基于分级多目标决策的干线公交速度引导模型

交通运输系统工程与信息 ›› 2021, Vol. 21 ›› Issue (2): 145-150.

基于分级多目标决策的干线公交速度引导模型

尚春琳¹，刘小明^*1，田玉林¹，董路熙¹，唐少虎²

1. 北方工业大学，城市道路智能交通控制技术北京市重点实验室，北京 100144； 2. 北京联合大学，城市轨道交通与物流学院，北京 100101

收稿日期:2020-11-28 修回日期:2020-12-29 出版日期:2021-04-25 发布日期:2021-04-25
作者简介:尚春琳(1989- )，男，山东日照人，博士生。
基金资助:
国家重点研发计划/National Key Research and Development Program of China(2018YFB1601003)；北京市自然科学基金/ Natural Science Foundation of Beijing, China(8172018)；北京市教委科技计划项目/ Scientific Research Project of Beijing Educational Committee(KM202111417003)。

Hierarchical Multi-objective Model for Arterial Dedicated Bus Speed Optimization

SHANG Chun-lin¹ , LIU Xiao-ming^*1 , TIAN Yu-lin¹ , DONG Lu-xi¹ , TANG Shao-hu²

1. Beijing Key Lab of Urban Road Traffic Intelligent Technology, North China University of Technology, Beijing 100144, China; 2. College of Urban Rail Transit and Logistics, Beijing Union University, Beijing 100101, China

Received:2020-11-28 Revised:2020-12-29 Online:2021-04-25 Published:2021-04-25

摘要/Abstract

摘要：

为解决干线公交速度引导存在多要素关联约束强，全局效果差的问题，本文提出基于分级多目标决策的干线公交速度引导模型。基于公交线路运行特性的全局优化指标优势分析，设计以公交线路综合准点率为主，交叉口停车次数和分段引导速度均衡为辅的线路全局优化目标体系，并考虑多目标间的关联约束和优先控制差异，构建基于拉格朗日乘子法和遗传算法分层组合的干线公交速度引导分级多目标递阶决策模型；最后，通过实际场景测试，验证模型的有效性。测试结果表明：模型能够克服非全局指标优化的局部最优问题，将全线路各班次综合准点率和交叉口停车次数由非全局指标的69.67%和2.37次 ⋅ 班-1 提升到90.53%和1.23次 ⋅ 班-1；并且综合准点率比全局多目标加权方法提升8.65%，能够较好保障综合准点率目标的优先性，有效提升干线公交的通行效率和服务可靠性。

关键词: 智能交通, 专用道公交优先, 分级多目标优化, 速度引导, 拉格朗日乘子法

Abstract:

In order to solve the problems of strong multi-factor linkage constraints and poor overall effect in arterial bus speed guidance, this paper proposes a hierarchical multi-objective speed guidance optimization model. A multiobjective optimization framework is designed to maximize the punctuality rate as the first-priority objective while the number of stops at intersections and the consistency of speed taking as the secondary objectives. With the associated constraints and priority among the multiple objectives, a hierarchical multi- objective decision- making approach is constructed by a combination of the Lagrangian multiplier method and genetic algorithm. Finally, an experiment based on actual scenarios is adopted to verify the effectiveness of the proposed model. The experiment results show that the model can guarantee the improvement of multiple performance indexes. It increases the overall punctuality rate from 69.67% to 90.53% and decreases the number of stops at intersections from 2.37 to 1.23 for each bus. Compared with the non-hierarchical multi-objective optimization method, the overall punctuality rate is improved by 8.65% in this hierarchical optimization method. The hierarchical optimization method provides the priority of the overall punctuality rate, and effectively improve the traffic efficiency and service reliability of dedicated buses.
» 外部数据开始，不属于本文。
(* Let $\mathcal{G}$ be a second countable locally compact Hausdorff étale groupoid with the Fejér property, and let $\mathcal{H}$ be an open subgroupoid of $\mathcal{G}$. If $f\in C_r^*(\mathcal{G})$ satisfies $\operatorname{supp}(f)\subseteq\mathcal{H}$, then $f\in C_r^*(\mathcal{H})$.
   Context: $C_r^*(\mathcal{G})$ is the reduced groupoid $C^*$-algebra; each $f\in C_r^*(\mathcal{G})$ is regarded as a function in $C_0(\mathcal{G})$ via the injective map $j(f)(g)=\langle\delta_g,\pi_{s(g)}(f)\delta_{s(g)}\rangle$, and $\operatorname{supp}(f)=\{\gamma: j(f)(\gamma)\neq0\}$. For an open subgroupoid $\mathcal{H}$, $C_r^*(\mathcal{H})$ is identified with the closure of $C_c(\mathcal{H})$ in $C_r^*(\mathcal{G})$. $\mathcal{G}$ has the Fejér property if there is a net $(h_i)\subset C_c(\mathcal{G})$ with $\|h_if-f\|_r\to0$ for all $f\in C_r^*(\mathcal{G})$ (pointwise product). *)

From HB Require Import structures.
From mathcomp Require Import all_boot all_order all_algebra.
From mathcomp Require Import all_classical all_reals all_analysis.
From mathcomp.real_closed Require Import complex.
Set Implicit Arguments. Unset Strict Implicit. Unset Printing Implicit Defensive.
Import Order.TTheory GRing.Theory Num.Theory.
Local Open Scope classical_set_scope.
Local Open Scope ring_scope.

(* Groupoid data on a carrier G: source, range, (partial) multiplication and
   inverse. Units are the points of the form [g_s g] (= unit space G^(0)). *)
Record groupoid_ops (G : Type) := GOps {
  g_s : G -> G; g_r : G -> G; g_mul : G -> G -> G; g_inv : G -> G }.

Definition is_groupoid (G : Type) (o : groupoid_ops G) : Prop :=
  let s := g_s o in let r := g_r o in let m := g_mul o in let i := g_inv o in
  [/\ (forall g, s (s g) = s g /\ r (s g) = s g /\ s (r g) = r g /\ r (r g) = r g),
      (forall g h, s g = r h -> s (m g h) = s h /\ r (m g h) = r g),
      (forall g h k, s g = r h -> s h = r k -> m (m g h) k = m g (m h k)),
      (forall g, m (r g) g = g /\ m g (s g) = g) &
      (forall g, s (i g) = r g /\ r (i g) = s g /\
                 m g (i g) = r g /\ m (i g) g = s g)].

Definition is_topological_groupoid (G : topologicalType) (o : groupoid_ops G)
  : Prop :=
  [/\ is_groupoid o,
      {within [set p : G * G | g_s o p.1 = g_r o p.2],
         continuous (fun p : G * G => g_mul o p.1 p.2)},
      continuous (g_inv o), continuous (g_s o) & continuous (g_r o)].

Definition is_etale_groupoid (G : topologicalType) (o : groupoid_ops G) : Prop :=
  is_topological_groupoid o /\
  forall g : G, exists U : set G,
    [/\ open U, U g, {in U &, injective (g_r o)} &
        (forall V : set G, open V -> V `<=` U -> open (g_r o @` V))].

Definition is_open_subgroupoid (G : topologicalType) (o : groupoid_ops G)
  (H : set G) : Prop :=
  [/\ open H,
      (forall g h, H g -> H h -> g_s o g = g_r o h -> H (g_mul o g h)) &
      (forall g, H g -> H (g_inv o g))].

Definition cnorm (R : realType) (z : R[i]) : R := ComplexField.Normc.normc z.

Definition Ccont (R : realType) (G : topologicalType) (f : G -> R[i]) : Prop :=
  forall (x : G) (e : R), 0 < e -> \forall y \near x, cnorm (f y - f x) < e.

Definition supp (R : realType) (G : Type) (f : G -> R[i]) : set G :=
  [set g | f g != 0].

Definition is_Cc (R : realType) (G : topologicalType) (f : G -> R[i]) : Prop :=
  Ccont f /\ compact (closure (supp f)).

(* C_c(H), H open, viewed inside C_c(G) by extension by zero *)
Definition is_Cc_in (R : realType) (G : topologicalType) (H : set G)
  (f : G -> R[i]) : Prop :=
  is_Cc f /\ closure (supp f) `<=` H.

Definition fiber_seq (G : choiceType) (o : groupoid_ops G) (x : G) (bs : seq G)
  : Prop := uniq bs /\ (forall b, b \in bs -> g_s o b = x).

(* ||F||_r <= e, where ||F||_r = sup_x ||pi_x(F)||, computed through the matrix
   coefficients <delta_a, pi_x(F) delta_b> = F(a b^-1) (a, b in G_x) tested on
   finitely supported vectors of norm <= 1 of l^2(G_x). *)
Definition rnorm_le (R : realType) (G : choiceType) (o : groupoid_ops G)
  (F : G -> R[i]) (e : R) : Prop :=
  forall (x : G) (as_ bs : seq G) (d c : G -> R[i]),
    fiber_seq o x as_ -> fiber_seq o x bs ->
    \sum_(a <- as_) cnorm (d a) ^+ 2 <= 1 ->
    \sum_(b <- bs) cnorm (c b) ^+ 2 <= 1 ->
    cnorm (\sum_(a <- as_) \sum_(b <- bs)
             conjc (d a) * F (g_mul o a (g_inv o b)) * c b) <= e.

(* F belongs to C_r^*(G) (as a function via j): F is a ||.||_r-limit of C_c(G) *)
Definition in_Cr (R : realType) (G : topologicalType) (o : groupoid_ops G)
  (F : G -> R[i]) : Prop :=
  forall e : R, 0 < e ->
    exists f : G -> R[i], is_Cc f /\ rnorm_le o (fun g => F g - f g) e.

(* F belongs to C_r^*(H) = closure of C_c(H) in C_r^*(G) *)
Definition in_Cr_sub (R : realType) (G : topologicalType) (o : groupoid_ops G)
  (H : set G) (F : G -> R[i]) : Prop :=
  forall e : R, 0 < e ->
    exists f : G -> R[i], is_Cc_in H f /\ rnorm_le o (fun g => F g - f g) e.

Definition directed (I : Type) (le : I -> I -> Prop) : Prop :=
  [/\ (forall i, le i i), (forall i j k, le i j -> le j k -> le i k),
      inhabited I & (forall i j, exists k, le i k /\ le j k)].

Definition fejer (R : realType) (G : topologicalType) (o : groupoid_ops G)
  : Prop :=
  exists (I : Type) (le : I -> I -> Prop) (h : I -> G -> R[i]),
    [/\ directed le, (forall i, is_Cc (h i)) &
        (forall F : G -> R[i], in_Cr o F ->
           forall e : R, 0 < e -> exists i0, forall i, le i0 i ->
             rnorm_le o (fun g => h i g * F g - F g) e)].

(* By the Fejer property, F is within e/2 of h F for some h in C_c(G).  The
   product k = h F is continuous and vanishes off supp h and supp F.  Damping k
   by a continuous weight that is 0 where |k| <= d and 1 where |k| >= 2d yields
   a function of C_c(H): its support closure lies in {|k| >= d}, a closed part
   of the compact closure of supp h contained in supp F, hence in H.  The error
   is pointwise at most 2d and lives on the compact closure of supp h, which is
   covered by finitely many open bisections; on a bisection the reduced norm is
   bounded by the sup norm (each row and column of the matrix
   (F(a b^-1))_{a,b} has at most one nonzero entry), so the error has reduced
   norm at most 2dN, which is small for d small. *)

From HB Require Import structures.
From mathcomp Require Import all_boot all_order all_algebra.
From mathcomp Require Import all_classical all_reals all_analysis.
From mathcomp.real_closed Require Import complex.
From mathcomp Require Import ring lra.
Set Implicit Arguments. Unset Strict Implicit. Unset Printing Implicit Defensive.
Import Order.TTheory GRing.Theory Num.Theory.
Local Open Scope classical_set_scope.
Local Open Scope ring_scope.

Section ComplexModulus.
Context {R : realType}.
Implicit Types z w : R[i].

Lemma cnorm_ge0 z : 0 <= cnorm z.
Proof. by case: z => a b; rewrite /cnorm /= sqrtr_ge0. Qed.

Lemma cnormD z w : cnorm (z + w) <= cnorm z + cnorm w.
Proof. exact: le_normcD. Qed.

Lemma cnormM z w : cnorm (z * w) = cnorm z * cnorm w.
Proof. exact: ComplexField.Normc.normcM. Qed.

Lemma cnormN z : cnorm (- z) = cnorm z.
Proof. exact: normcN. Qed.

Lemma cnorm0 : cnorm (0 : R[i]) = 0.
Proof. exact: ComplexField.Normc.normc0. Qed.

Lemma cnorm1 : cnorm (1 : R[i]) = 1.
Proof. exact: ComplexField.Normc.normc1. Qed.

Lemma cnormJ z : cnorm (conjc z) = cnorm z.
Proof. by case: z => a b; rewrite /cnorm /= sqrrN. Qed.

Lemma cnorm_real (x : R) : cnorm (x%:C)%C = `|x|.
Proof. by rewrite /cnorm /= expr0n /= addr0 sqrtr_sqr. Qed.

Lemma cnormB z w : cnorm (z - w) = cnorm (w - z).
Proof. by rewrite -cnormN opprB. Qed.

Lemma ler_dist_cnorm z w : `|cnorm z - cnorm w| <= cnorm (z - w).
Proof.
have := cnormD (z - w) w; have := cnormD (w - z) z.
rewrite !subrK cnormB ler_norml => h1 h2; apply/andP; split; lra.
Qed.
Lemma span_basis D x : down_closed D -> level_ideal D x ->
  span (fun h => basis h /\ level_ideal D h) x.
Proof.
move=> Dc Ix; case: (classic (exists b, D b)) => [[b Db]|noD]; last first.
  have x0 := level_ideal_none (level_ideal_subset (fun b Db => noD (ex_intro _ b Db)) Ix).
  by apply: ext_pred (span0 _) _ => y; rewrite x0.
have [z s0z z0] := s0_level.
have Dz : D z by apply: down_closed_le Dc (wo_nlt_le wo (z0 b)) Db.
have gen i s b' : reach alpha s b' -> D b' -> span (fun h => basis h /\ level_ideal D h) (gB i s).
  by move=> sb' Db'; apply: span_gen; split; [exists i, s, b'|apply: level_ideal_gB sb' Db'].
apply: span_trans (span_level_ideal Dc Ix) => _ [i [s [b' [sb' Db' ->]]]].
apply: ext_pred (span_add (gen i s b' sb' Db') (span_scale (- ind K (~ in_cone i s p0))
  (gen i0 s0 z s0z Dz))) _ => y.
by rewrite gB_p0 gB_chi mulNr addrK.
Qed.

Lemma basis_strong_mult : strong_mult basis.
Proof.
move=> _ _ [i [s [b [sb ->]]]] [j [u [b' [ub' ->]]]].
have gB_mul k v :
    (forall y, in_cone i s y /\ in_cone j u y \/ y = p0 <-> in_cone k v y \/ y = p0) ->
    (fun y => gB i s y * gB j u y) = gB k v.
  by move=> e; apply: functional_extensionality => y; rewrite /gB ind_or_mul; apply: ind_iff.
case: (classic (i = j /\ is_prefix s u)) => [[eij su]|nsu].
  subst j; exists i, u, b'; split=> //; apply: gB_mul => y; split=> [[[]|]|[in_u|]]; auto.
  by left; split=> //; case: in_u => ei uy vy; split=> //; apply: is_prefix_trans su uy.
case: (classic (i = j /\ is_prefix u s)) => [[eij us]|nus].
  subst j; exists i, s, b; split=> //; apply: gB_mul => y; split=> [[[]|]|[in_s|]]; auto.
  by left; split=> //; case: in_s => ei sy vy; split=> //; apply: is_prefix_trans us sy.
have [z s0z _] := s0_level; exists i0, s0, z; split=> //; apply: gB_mul => y.
rewrite (in_cone_p0 y); split=> [[[[/= ei sy _] [/= ej uy _]]|]|[]]; auto.
by case: (is_prefix_total sy uy) => ?; [case: nsu|case: nus]; rewrite -ei -ej.
Qed.
(* Suppose Assumption D holds. Let $P\in\Delta(\Theta,\mathcal{B})$, $\eta>0$, let $\pi:\Theta\to\mathbb{R}$ be bounded and measurable, let $\mathcal{E}$ be a $\sigma$-algebra, and let $\bar\pi:=\mathbb{E}_P[\pi\mid\mathcal{E}]$. Then $$\inf_Q\{\mathbb{E}_Q[\bar\pi]:D(Q\|P)\le\eta\}\ \ge\ \inf_Q\{\mathbb{E}_Q[\pi]:D(Q\|P)\le\eta\},$$ where $Q$ ranges over $\Delta(\Theta,\mathcal{B})$.
   Context: $\Theta=[\underline\theta,\bar\theta]\subset\mathbb{R}$ ($0<\underline\theta<\bar\theta$) with Borel $\sigma$-algebra $\mathcal{B}$; ''$\sigma$-algebra'' means a sub-$\sigma$-algebra of $\mathcal{B}$; $\Delta(\Theta,\mathcal{A})$ is the set of probability measures on $(\Theta,\mathcal{A})$; $P_{\mathcal{E}}$ is the restriction of $P$ to $\mathcal{E}$. A divergence $D$ assigns to each pair $Q,P$ of probability measures on a common $\sigma$-algebra a number $D(Q\|P)\in[0,\infty]$. Assumption D: for every $\sigma$-algebra $\mathcal{A}$ and $P,Q\in\Delta(\Theta,\mathcal{A})$: (D1) $D(Q\|P)=0$ if $Q=P$; (D2) if $Q\ll P$ and $dQ/dP$ is bounded, $\epsilon\mapsto D(\epsilon Q+(1-\epsilon)P\|P)$ is continuous on $[0,1]$; (D3) $D(Q\|P)<\infty$ implies $Q\ll P$; (D4) $D(Q_{\mathcal{E}}\|P_{\mathcal{E}})\le D(Q\|P)$ for every sub-$\sigma$-algebra $\mathcal{E}\subset\mathcal{A}$; (D5) $D(Q_{\mathcal{E}}\|P_{\mathcal{E}})=D(Q\|P)$ whenever $dQ_{\mathcal{E}}/dP_{\mathcal{E}}=dQ/dP$ $P$-a.e. *)

From HB Require Import structures.
From mathcomp Require Import all_boot all_order all_algebra.
From mathcomp Require Import all_classical all_reals all_analysis.

Set Implicit Arguments.
Unset Strict Implicit.
Unset Printing Implicit Defensive.

Import Order.TTheory GRing.Theory Num.Theory.
Local Open Scope classical_set_scope.
Local Open Scope ring_scope.

Section Defs.
Variables (R : realType) (tl tu : R) (htlu : tl < tu).

Definition Theta (h : tl < tu) : Type := {x : R | tl <= x <= tu}.
Local Notation Th := (Theta htlu).

Lemma tl_in_Theta : tl <= tl <= tu.
Proof. by rewrite lexx (ltW htlu). Qed.

HB.instance Definition _ := Choice.on Th.
HB.instance Definition _ :=
  isPointed.Build Th (exist (fun x : R => tl <= x <= tu) tl tl_in_Theta).

Definition borel_Theta : set (set Th) :=
  [set (@proj1_sig R (fun x : R => tl <= x <= tu)) @^-1` Y
     | Y in [set Y : set R | measurable Y]].

(** "sigma-algebra" = sub-sigma-algebra of the Borel sigma-algebra of Theta. *)
Definition sub_sigma (E : set (set Th)) : Prop :=
  sigma_algebra [set: Th] E /\ E `<=` borel_Theta.

(** Probability measures on (Theta, A): the measurable type whose measurable
    sets are <<s A >> (= A when A is a sigma-algebra). *)
Notation Meas A := (g_sigma_algebraType A).

(** A divergence: to each sigma-algebra A and pair (Q, P) in Delta(Theta, A)
    a value D A Q P = D(Q||P) in [0, +oo]. *)
Definition divergence :=
  forall A : set (set Th),
    probability (Meas A) R -> probability (Meas A) R -> \bar R.

Definition has_density (E A : set (set Th))
    (Q P : probability (Meas A) R) (f : Th -> R) : Prop :=
  [/\ measurable_fun [set: Meas E] f, (forall x, 0 <= f x) &
      forall X : set (Meas A), measurable X ->
        Q X = (\int[P]_(x in X) (f x)%:E)%E].

Definition restricts (E A : set (set Th))
    (Q' : probability (Meas E) R) (Q : probability (Meas A) R) : Prop :=
  forall X : set Th, E X -> Q' X = Q X.

Definition assumptionD (D : divergence) : Prop :=
  forall A : set (set Th), sub_sigma A ->
  forall P Q : probability (Meas A) R,
  (0 <= D A Q P)%E /\
  [/\
   (forall X : set (Meas A), measurable X -> Q X = P X) -> D A Q P = 0%E,
   (forall (f : Th -> R) (M : R), has_density A Q P f ->
      (forall x, f x <= M) ->
      forall Mix : R -> probability (Meas A) R,
        (forall (e : R) (X : set (Meas A)), 0 <= e <= 1 -> measurable X ->
           Mix e X = (e%:E * Q X + (1 - e)%:E * P X)%E) ->
        {within `[0, 1]%classic, continuous (fun e : R => D A (Mix e) P)}),
   (D A Q P < +oo)%E -> Q `<< P,
   (forall E : set (set Th), sigma_algebra [set: Th] E -> E `<=` A ->
      forall Q' P' : probability (Meas E) R,
        restricts Q' Q -> restricts P' P -> (D E Q' P' <= D A Q P)%E) &
   (forall E : set (set Th), sigma_algebra [set: Th] E -> E `<=` A ->
      forall Q' P' : probability (Meas E) R,
        restricts Q' Q -> restricts P' P ->
        (exists f : Th -> R, has_density E Q P f) ->
        D E Q' P' = D A Q P)].

Definition cond_exp (P : probability (Meas borel_Theta) R)
    (E : set (set Th)) (pi pibar : Th -> R) : Prop :=
  [/\ measurable_fun [set: Meas E] pibar,
      P.-integrable [set: Meas borel_Theta] (fun x => (pibar x)%:E) &
      forall X : set Th, E X ->
        (\int[P]_(x in X) (pibar x)%:E = \int[P]_(x in X) (pi x)%:E)%E].

End Defs.

Arguments borel_Theta {R tl tu} htlu.

(* Let Q satisfy D(Q||P) <= eta, so that Q << P by (D3).  Let g be the
   density of Q|E with respect to P|E; it is E-measurable, and Q' := g P agrees
   with Q on E.  As the density of Q' is E-measurable, (D5) and (D4) give
   D(Q'||P) = D(Q|E || P|E) <= D(Q||P) <= eta.  Since g is E-measurable,
   E_Q'[pi] = E_P[g pi] = E_P[g pibar] = E_Q|E[pibar] = E_Q[pibar], so every
   value in the left infimum is also a value in the right one.
   To stay within nonnegative integration, pi is shifted by its bound M and
   pibar is replaced by a version bounded by M: a conditional expectation of a
   nonnegative function is nonnegative a.e., being a.e. equal to a
   Radon-Nikodym derivative. *)

From HB Require Import structures.
From mathcomp Require Import all_boot all_order all_algebra.
From mathcomp Require Import all_classical all_reals all_analysis measurable_realfun.
From mathcomp Require Import lra.
Import Order.TTheory GRing.Theory Num.Theory.
Local Open Scope classical_set_scope.
Local Open Scope ring_scope.
Set Implicit Arguments.
Unset Strict Implicit.
Unset Printing Implicit Defensive.

Section finite_measure_integral.
Local Open Scope ereal_scope.
Context d (T : measurableType d) (R : realType).
Variable mu : {finite_measure set T -> \bar R}.

Lemma bounded_integrable (f : T -> R) (M : R) :
  measurable_fun [set: T] f -> (forall x, (`|f x| <= M)%R) ->
  mu.-integrable [set: T] (EFin \o f).
Proof.
move=> mf fM; have := finite_measure_integrable_cst mu M measurableT.
apply: le_integrable => //; first exact/measurable_EFinP.
move=> x _ /=; rewrite lee_fin (ger0_norm (le_trans (normr_ge0 _) (fM x))).
exact: fM.
Qed.

Lemma integrable_affine (a c : R) (f : T -> R) (D : set T) : measurable D ->
  mu.-integrable D (EFin \o f) -> mu.-integrable D (EFin \o (fun x => a * f x + c)%R).
Proof.
move=> mD fi.
rewrite (_ : _ \o _ = (fun x => a%:E * (f x)%:E) \+ (EFin \o cst c)).
  apply: integrableD => //; first exact: integrableZl.
  exact: finite_measure_integrable_cst.
by apply/funext => x; rewrite /= EFinD EFinM.
Qed.

Lemma integral_affine (a c : R) (f : T -> R) (D : set T) : measurable D ->
  mu.-integrable D (EFin \o f) ->
  \int[mu]_(x in D) (a * f x + c)%:E =
    a%:E * \int[mu]_(x in D) (f x)%:E + c%:E * mu D.
Proof.
move=> mD fi; under eq_integral do rewrite EFinD EFinM.
rewrite integralD //; last 2 first.
- exact: integrableZl.
- exact: finite_measure_integrable_cst.
by rewrite integralZl // integral_cst // muleC.
Qed.

End finite_measure_integral.

Section with_density.
Local Open Scope ereal_scope.
Context d (T : measurableType d) (R : realType).
Variable mu : {measure set T -> \bar R}.

(* The proof arguments make the measure instances below canonical. *)
Definition with_density (f : T -> R) (mf : measurable_fun [set: T] f)
    (f0 : forall x, (0 <= f x)%R) (fi : mu.-integrable [set: T] (EFin \o f)) :
    set T -> \bar R :=
  fun A => \int[mu]_(x in A) (f x)%:E.

Variables (f : T -> R) (mf : measurable_fun [set: T] f)
  (f0 : forall x, (0 <= f x)%R) (fi : mu.-integrable [set: T] (EFin \o f)).
Local Notation nu := (with_density mf f0 fi).

Let nu0 : nu set0 = 0. Proof. exact: integral_set0. Qed.

Let nu_ge0 A : 0 <= nu A. Proof. by apply: integral_ge0 => x _; rewrite lee_fin. Qed.

Let nu_sigma_additive : semi_sigma_additive nu.
Proof.
apply: semi_sigma_additive_nng_induced; first exact/measurable_EFinP.
by move=> x; rewrite lee_fin.
Qed.

HB.instance Definition _ := isMeasure.Build _ _ _ nu nu0 nu_ge0 nu_sigma_additive.

Let nu_fin : fin_num_fun nu.
Proof. by move=> A mA; apply: integrable_fin_num => //; exact: integrableS fi. Qed.

HB.instance Definition _ := Measure_isFinite.Build _ _ _ nu nu_fin.

Lemma with_density_dominates : nu `<< mu.
Proof.
apply/null_content_dominatesP => A mA muA0; rewrite /nu /with_density.
by rewrite null_set_integral //; exact/measurable_funTS/measurable_EFinP.
Qed.

End with_density.

Lemma mnormalize_mass1 d (T : measurableType d) (R : realType)
    (mu : {measure set T -> \bar R}) (P : probability T R) :
  (mu [set: T] = 1)%E -> mnormalize mu P = mu.
Proof.
by move=> mu1; apply/funext => A; rewrite /mnormalize mu1 onee_eq0 /= invr1 mule1.
Qed.

Section density_change.
Local Open Scope ereal_scope.
Context d (T : measurableType d) (R : realType).
Variables (mu : {sigma_finite_measure set T -> \bar R})
  (nu : {finite_measure set T -> \bar R}) (f : T -> R).
Hypothesis mf : measurable_fun [set: T] f.
Hypothesis nuf : forall A, measurable A -> nu A = \int[mu]_(x in A) (f x)%:E.

Lemma ge0_integral_density (phi : T -> \bar R) :
  measurable_fun [set: T] phi -> (forall x, 0 <= phi x) ->
  \int[nu]_x phi x = \int[mu]_x (phi x * (f x)%:E).
Proof.
move=> mphi phi0.
have numu : nu `<< mu.
  apply/null_content_dominatesP => A mA muA0.
  by rewrite nuf // null_set_integral //; exact/measurable_funTS/measurable_EFinP.
have RNi := Radon_Nikodym_SigmaFinite.f_integrable numu.
rewrite -(Radon_Nikodym_SigmaFinite.change_of_variables numu phi0 measurableT mphi).
apply: ae_eq_integral => //.
- by apply: emeasurable_funM => //; exact: measurable_int RNi.
- by apply: emeasurable_funM => //; exact/measurable_EFinP.
apply: ae_eqe_mul2l; apply: integral_ae_eq => //; first exact/measurable_EFinP.
by move=> A _ mA; rewrite -Radon_Nikodym_SigmaFinite.f_integral // nuf.
Qed.

End density_change.

Section coarsening.
Local Open Scope ereal_scope.
Context (T : pointedType) (B E : set (set T)) (R : realType).
Local Notation TB := (g_sigma_algebraType B).
Local Notation TE := (g_sigma_algebraType E).
Variable EB : E `<=` <<s B >>.

Lemma measurable_coarsen (A : set TE) : measurable A -> measurable (A : set TB).
Proof. by apply: smallest_sub; [exact: smallest_sigma_algebra|]. Qed.

Lemma measurable_fun_coarsen d (Y : measurableType d) (f : T -> Y) :
  measurable_fun [set: TE] f -> measurable_fun [set: TB] f.
Proof. by move=> mf _ A mA; apply: measurable_coarsen; exact: mf. Qed.

(* [EB] is an argument only so that the instances below can be found by
   unification. *)
Definition coarsen (EB : E `<=` <<s B >>) (mu : set TB -> \bar R) :
  set TE -> \bar R := mu.

Section coarsen_measure.
Variable mu : {measure set TB -> \bar R}.

Let coarsen0 : coarsen EB mu set0 = 0. Proof. exact: measure0. Qed.

Let coarsen_ge0 A : 0 <= coarsen EB mu A. Proof. exact: measure_ge0. Qed.

Let coarsen_sigma_additive : semi_sigma_additive (coarsen EB mu).
Proof.
move=> F mF tF mUF; apply: (@measure_semi_sigma_additive _ TB R mu F) => //.
- by move=> n; exact: measurable_coarsen.
- exact: measurable_coarsen.
Qed.

HB.instance Definition _ := isMeasure.Build _ _ _ (coarsen EB mu)
  coarsen0 coarsen_ge0 coarsen_sigma_additive.

End coarsen_measure.

Section coarsen_finite_measure.
Variable mu : {finite_measure set TB -> \bar R}.

Let coarsen_fin : fin_num_fun (coarsen EB mu).
Proof. by move=> A mA; apply: fin_num_measure; exact: measurable_coarsen. Qed.

HB.instance Definition _ := Measure_isFinite.Build _ _ _ (coarsen EB mu) coarsen_fin.

End coarsen_finite_measure.

Section coarsen_probability.
Variable P : probability TB R.

Let coarsen_setT : coarsen EB P [set: TE] = 1.
Proof. exact: probability_setT. Qed.

HB.instance Definition _ :=
  Measure_isProbability.Build _ _ _ (coarsen EB P) coarsen_setT.

End coarsen_probability.

Let measurable_id : measurable_fun [set: TB] (id : TB -> TE).
Proof. by move=> _ A mA; rewrite setTI; exact: measurable_coarsen. Qed.

Variable mu : {measure set TB -> \bar R}.

Lemma ge0_integral_coarsen (D : set TE) (f : T -> \bar R) :
  measurable D -> measurable_fun [set: TE] f -> (forall x, 0 <= f x) ->
  \int[coarsen EB mu]_(x in D) f x = \int[mu]_(x in D) f x.
Proof.
move=> mD mf f0.
exact: (ge0_integral_pushforward measurable_id mu mD (measurable_funTS mf)).
Qed.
Key words: intelligent transportation, dedicated bus priority, hierarchical multi-objective optimization, speed guidance, Lagrange multiplier method

中图分类号:

U491

尚春琳，刘小明，田玉林，董路熙，唐少虎. 基于分级多目标决策的干线公交速度引导模型[J]. 交通运输系统工程与信息, 2021, 21(2): 145-150.

SHANG Chun-lin, LIU Xiao-ming,TIAN Yu-lin, DONG Lu-xi, TANG Shao-hu. Hierarchical Multi-objective Model for Arterial Dedicated Bus Speed Optimization[J]. Journal of Transportation Systems Engineering and Information Technology, 2021, 21(2): 145-150.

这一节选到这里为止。